Lemma L2norm2_Kpow_log_convex (f : T -> R) k : inL2 pi f ->
  L2norm2 pi (Kpow K k.+1 f) ^+ 2 <=
  L2norm2 pi (Kpow K k f) * L2norm2 pi (Kpow K k.+2 f).
Proof.
move=> f2; set u := Kpow K k f.
have u2 : inL2 pi u := inL2_Kpow k f2.
have Ku2 := inL2_Kop u2.
have -> : L2norm2 pi (Kpow K k.+1 f) = \int[pi]_x (u x * Kop K (Kop K u) x).
  rewrite (Rintegral_mul_Kop_sym u2 Ku2) /L2norm2 /Kpow iterS.
  by apply: eq_Rintegral => x _; rewrite expr2.
rewrite /L2norm2 /Kpow !iterS -/u.
exact: Rintegral_cauchy_schwarz (inL2_Kop Ku2).
Qed.

End markov_operator.

Lemma log_convex_geometric_lb (R : realFieldType) (m : nat -> R) :
  0 < m 0%N -> (forall k, 0 <= m k) -> (forall k, m k.+1 ^+ 2 <= m k * m k.+2) ->
  forall n, (m 1%N / m 0%N) ^+ n <= m n / m 0%N.
Proof.
move=> m0 m_ge0 m_lc n; set r := m 1%N / m 0%N.
rewrite ler_pdivlMr //.
have [r0|r_neq0] := eqVneq r 0.
  by case: n => [|n]; rewrite ?expr0 ?mul1r // r0 expr0n mul0r.
have r_gt0 : 0 < r by rewrite lt_def r_neq0 divr_ge0 // ltW.
have ratio k : 0 < m k /\ r * m k <= m k.+1.
  elim: k => [|k [mk_gt0 rmk]].
    by rewrite /r mulrAC -mulrA divff ?mulr1 ?gt_eqF.
  have mk1_gt0 : 0 < m k.+1 by apply: lt_le_trans rmk; rewrite mulr_gt0.
  split => //; rewrite -(ler_pM2l mk_gt0).
  have -> : m k * (r * m k.+1) = m k.+1 * (r * m k) by ring.
  by apply: le_trans (m_lc k); rewrite expr2 ler_pM2l.
elim: n => [|n IHn]; first by rewrite expr0 mul1r.
rewrite exprSr mulrAC mulrC; apply: le_trans (proj2 (ratio n)).
by rewrite ler_pM2l.
Qed.

Unset Implicit Arguments.

Theorem lemma7 (d : measure_display) (T : measurableType d) (R : realType)
  (pi : probability T R) (K : R.-pker T ~> T)
  (hrev : reversible K pi) (f : T -> R) (hf : inL2 pi f)
  (hf0 : L2norm2 pi f != 0) (n : nat) (hn : (1 <= n)%N) :
  (L2norm2 pi (Kop K f) / L2norm2 pi f) ^+ n
    <= L2norm2 pi (Kpow K n f) / L2norm2 pi f.
Proof.
pose m k := L2norm2 pi (Kpow K k f).
have m_ge0 k : 0 <= m k by apply: Rintegral_ge0 => x _; exact: sqr_ge0.
have m0_gt0 : 0 < m 0%N by rewrite lt_def hf0 m_ge0.
have m_log_convex k : m k.+1 ^+ 2 <= m k * m k.+2.
  by rewrite /m; exact: L2norm2_Kpow_log_convex.
exact: log_convex_geometric_lb m0_gt0 m_ge0 m_log_convex n.
Qed.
::::::::
__THE PROBLEM__:
Copy out the full listing, exactly as it stands.

__SOLUTION__:
Lemma L2norm2_Kpow_log_convex (f : T -> R) k : inL2 pi f ->
  L2norm2 pi (Kpow K k.+1 f) ^+ 2 <=
  L2norm2 pi (Kpow K k f) * L2norm2 pi (Kpow K k.+2 f).
Proof.
move=> f2; set u := Kpow K k f.
have u2 : inL2 pi u := inL2_Kpow k f2.
have Ku2 := inL2_Kop u2.
have -> : L2norm2 pi (Kpow K k.+1 f) = \int[pi]_x (u x * Kop K (Kop K u) x).
  rewrite (Rintegral_mul_Kop_sym u2 Ku2) /L2norm2 /Kpow iterS.
  by apply: eq_Rintegral => x _; rewrite expr2.
rewrite /L2norm2 /Kpow !iterS -/u.
exact: Rintegral_cauchy_schwarz (inL2_Kop Ku2).
Qed.

End markov_operator.

Lemma log_convex_geometric_lb (R : realFieldType) (m : nat -> R) :
  0 < m 0%N -> (forall k, 0 <= m k) -> (forall k, m k.+1 ^+ 2 <= m k * m k.+2) ->
  forall n, (m 1%N / m 0%N) ^+ n <= m n / m 0%N.
Proof.
move=> m0 m_ge0 m_lc n; set r := m 1%N / m 0%N.
rewrite ler_pdivlMr //.
have [r0|r_neq0] := eqVneq r 0.
  by case: n => [|n]; rewrite ?expr0 ?mul1r // r0 expr0n mul0r.
have r_gt0 : 0 < r by rewrite lt_def r_neq0 divr_ge0 // ltW.
have ratio k : 0 < m k /\ r * m k <= m k.+1.
  elim: k => [|k [mk_gt0 rmk]].
    by rewrite /r mulrAC -mulrA divff ?mulr1 ?gt_eqF.
  have mk1_gt0 : 0 < m k.+1 by apply: lt_le_trans rmk; rewrite mulr_gt0.
  split => //; rewrite -(ler_pM2l mk_gt0).
  have -> : m k * (r * m k.+1) = m k.+1 * (r * m k) by ring.
  by apply: le_trans (m_lc k); rewrite expr2 ler_pM2l.
elim: n => [|n IHn]; first by rewrite expr0 mul1r.
rewrite exprSr mulrAC mulrC; apply: le_trans (proj2 (ratio n)).
by rewrite ler_pM2l.
Qed.

Unset Implicit Arguments.

Theorem lemma7 (d : measure_display) (T : measurableType d) (R : realType)
  (pi : probability T R) (K : R.-pker T ~> T)
  (hrev : reversible K pi) (f : T -> R) (hf : inL2 pi f)
  (hf0 : L2norm2 pi f != 0) (n : nat) (hn : (1 <= n)%N) :
  (L2norm2 pi (Kop K f) / L2norm2 pi f) ^+ n
    <= L2norm2 pi (Kpow K n f) / L2norm2 pi f.
Proof.
pose m k := L2norm2 pi (Kpow K k f).
have m_ge0 k : 0 <= m k by apply: Rintegral_ge0 => x _; exact: sqr_ge0.
have m0_gt0 : 0 < m 0%N by rewrite lt_def hf0 m_ge0.
have m_log_convex k : m k.+1 ^+ 2 <= m k * m k.+2.
  by rewrite /m; exact: L2norm2_Kpow_log_convex.
exact: log_convex_geometric_lb m0_gt0 m_ge0 m_log_convex n.
Qed.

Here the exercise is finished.